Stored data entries

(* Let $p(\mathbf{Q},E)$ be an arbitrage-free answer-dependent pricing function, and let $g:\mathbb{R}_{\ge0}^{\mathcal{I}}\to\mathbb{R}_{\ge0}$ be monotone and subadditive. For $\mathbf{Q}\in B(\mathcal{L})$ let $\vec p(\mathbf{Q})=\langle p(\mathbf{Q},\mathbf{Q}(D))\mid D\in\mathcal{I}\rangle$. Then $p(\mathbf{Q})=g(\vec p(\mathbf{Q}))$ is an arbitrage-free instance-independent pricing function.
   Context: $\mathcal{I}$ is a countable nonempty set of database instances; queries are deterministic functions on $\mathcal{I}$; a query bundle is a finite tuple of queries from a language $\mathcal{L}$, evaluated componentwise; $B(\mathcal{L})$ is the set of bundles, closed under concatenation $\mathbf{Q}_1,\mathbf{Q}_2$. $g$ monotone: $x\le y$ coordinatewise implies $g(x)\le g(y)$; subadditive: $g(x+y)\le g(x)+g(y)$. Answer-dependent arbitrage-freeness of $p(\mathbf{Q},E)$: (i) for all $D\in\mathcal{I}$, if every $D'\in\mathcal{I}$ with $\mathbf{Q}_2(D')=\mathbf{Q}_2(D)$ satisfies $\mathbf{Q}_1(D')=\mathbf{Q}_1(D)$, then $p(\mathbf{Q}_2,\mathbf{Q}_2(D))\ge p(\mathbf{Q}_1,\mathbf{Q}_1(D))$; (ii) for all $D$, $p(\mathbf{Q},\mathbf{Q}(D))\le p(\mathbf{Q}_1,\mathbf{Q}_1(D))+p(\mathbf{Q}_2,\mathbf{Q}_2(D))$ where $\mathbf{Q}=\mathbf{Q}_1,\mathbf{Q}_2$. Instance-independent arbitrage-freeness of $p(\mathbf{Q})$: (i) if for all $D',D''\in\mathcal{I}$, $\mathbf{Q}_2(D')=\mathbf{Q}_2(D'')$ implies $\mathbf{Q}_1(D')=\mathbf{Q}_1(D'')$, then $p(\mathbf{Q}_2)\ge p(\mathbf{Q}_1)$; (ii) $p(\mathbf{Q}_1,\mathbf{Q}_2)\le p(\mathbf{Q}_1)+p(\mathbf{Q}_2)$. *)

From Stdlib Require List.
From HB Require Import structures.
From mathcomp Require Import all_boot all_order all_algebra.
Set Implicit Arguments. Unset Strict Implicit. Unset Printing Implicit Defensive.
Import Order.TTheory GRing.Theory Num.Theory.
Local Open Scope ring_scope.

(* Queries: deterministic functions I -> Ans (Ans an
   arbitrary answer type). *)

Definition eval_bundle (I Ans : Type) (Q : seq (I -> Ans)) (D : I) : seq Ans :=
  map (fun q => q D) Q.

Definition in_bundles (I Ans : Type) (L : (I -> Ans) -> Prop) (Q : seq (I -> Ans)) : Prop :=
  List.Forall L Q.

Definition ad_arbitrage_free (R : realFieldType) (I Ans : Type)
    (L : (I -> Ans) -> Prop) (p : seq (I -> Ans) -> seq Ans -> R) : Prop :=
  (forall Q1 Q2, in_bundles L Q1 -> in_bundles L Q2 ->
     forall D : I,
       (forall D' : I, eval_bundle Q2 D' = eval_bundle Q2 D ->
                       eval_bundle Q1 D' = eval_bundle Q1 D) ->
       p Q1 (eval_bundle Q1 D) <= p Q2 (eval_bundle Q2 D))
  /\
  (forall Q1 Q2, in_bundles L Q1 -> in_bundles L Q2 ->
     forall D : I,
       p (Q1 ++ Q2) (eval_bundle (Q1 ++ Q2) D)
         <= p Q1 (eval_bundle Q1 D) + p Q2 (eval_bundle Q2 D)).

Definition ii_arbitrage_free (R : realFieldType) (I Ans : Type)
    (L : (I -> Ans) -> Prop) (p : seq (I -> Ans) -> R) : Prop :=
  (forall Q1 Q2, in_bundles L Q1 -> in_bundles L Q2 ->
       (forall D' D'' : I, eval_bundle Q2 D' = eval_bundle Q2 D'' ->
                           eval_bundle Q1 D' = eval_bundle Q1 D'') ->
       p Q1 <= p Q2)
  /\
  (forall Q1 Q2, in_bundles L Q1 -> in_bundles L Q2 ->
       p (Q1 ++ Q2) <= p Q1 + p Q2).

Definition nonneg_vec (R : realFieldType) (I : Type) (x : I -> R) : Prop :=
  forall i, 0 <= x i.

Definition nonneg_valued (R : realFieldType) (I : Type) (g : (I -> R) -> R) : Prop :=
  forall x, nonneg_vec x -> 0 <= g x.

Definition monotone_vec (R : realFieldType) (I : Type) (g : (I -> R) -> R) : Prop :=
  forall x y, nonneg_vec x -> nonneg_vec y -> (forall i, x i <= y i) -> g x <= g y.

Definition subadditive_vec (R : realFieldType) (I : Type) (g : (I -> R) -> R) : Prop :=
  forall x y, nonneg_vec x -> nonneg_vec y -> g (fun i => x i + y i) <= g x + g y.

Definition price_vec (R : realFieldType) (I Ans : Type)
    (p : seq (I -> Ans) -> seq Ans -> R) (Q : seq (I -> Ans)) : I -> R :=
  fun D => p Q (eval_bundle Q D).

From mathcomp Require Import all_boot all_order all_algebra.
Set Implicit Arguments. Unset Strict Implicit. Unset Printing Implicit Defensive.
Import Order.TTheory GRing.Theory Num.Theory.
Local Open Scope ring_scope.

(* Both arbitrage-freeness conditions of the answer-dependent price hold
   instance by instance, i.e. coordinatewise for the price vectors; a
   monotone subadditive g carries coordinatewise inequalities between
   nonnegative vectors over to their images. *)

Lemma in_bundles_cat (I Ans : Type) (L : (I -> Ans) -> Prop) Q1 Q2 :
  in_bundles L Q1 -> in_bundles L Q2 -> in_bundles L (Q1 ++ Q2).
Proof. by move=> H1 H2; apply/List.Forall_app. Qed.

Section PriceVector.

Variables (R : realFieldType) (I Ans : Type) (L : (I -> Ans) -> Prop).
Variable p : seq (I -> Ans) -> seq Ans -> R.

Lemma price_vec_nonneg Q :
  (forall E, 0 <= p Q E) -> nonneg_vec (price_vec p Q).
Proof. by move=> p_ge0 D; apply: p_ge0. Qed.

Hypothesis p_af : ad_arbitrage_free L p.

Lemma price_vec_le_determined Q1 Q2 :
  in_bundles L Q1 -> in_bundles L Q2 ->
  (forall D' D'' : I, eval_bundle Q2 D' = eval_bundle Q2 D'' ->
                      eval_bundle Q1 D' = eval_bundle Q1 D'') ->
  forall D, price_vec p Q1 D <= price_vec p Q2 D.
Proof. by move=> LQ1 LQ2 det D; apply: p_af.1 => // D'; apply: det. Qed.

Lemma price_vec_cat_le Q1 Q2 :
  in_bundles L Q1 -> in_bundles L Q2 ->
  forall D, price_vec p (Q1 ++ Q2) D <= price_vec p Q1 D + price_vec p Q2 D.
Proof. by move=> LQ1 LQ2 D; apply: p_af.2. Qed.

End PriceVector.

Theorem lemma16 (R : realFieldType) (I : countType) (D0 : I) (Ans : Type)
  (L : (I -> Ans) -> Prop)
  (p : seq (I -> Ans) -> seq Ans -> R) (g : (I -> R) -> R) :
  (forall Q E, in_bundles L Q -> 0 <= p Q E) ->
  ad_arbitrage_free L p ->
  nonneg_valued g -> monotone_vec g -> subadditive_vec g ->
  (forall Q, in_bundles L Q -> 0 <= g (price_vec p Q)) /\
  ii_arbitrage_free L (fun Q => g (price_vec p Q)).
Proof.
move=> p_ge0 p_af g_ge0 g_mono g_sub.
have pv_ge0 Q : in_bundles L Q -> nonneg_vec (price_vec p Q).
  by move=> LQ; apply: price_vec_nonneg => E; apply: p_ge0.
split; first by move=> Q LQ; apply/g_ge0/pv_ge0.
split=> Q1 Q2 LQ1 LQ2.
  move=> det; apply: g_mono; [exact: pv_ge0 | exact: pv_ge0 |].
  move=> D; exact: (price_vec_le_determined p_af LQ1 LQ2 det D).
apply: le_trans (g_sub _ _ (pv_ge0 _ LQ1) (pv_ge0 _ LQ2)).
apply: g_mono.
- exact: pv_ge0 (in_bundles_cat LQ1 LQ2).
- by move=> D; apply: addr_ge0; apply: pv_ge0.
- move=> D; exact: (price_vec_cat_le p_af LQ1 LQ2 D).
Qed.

Work to complete
Whenever a line of the records holds the string "Require", pick it out and copy it.

Solved problem
From Stdlib Require List.
From HB Require Import structures.
From mathcomp Require Import all_boot all_order all_algebra.
From mathcomp Require Import all_boot all_order all_algebra.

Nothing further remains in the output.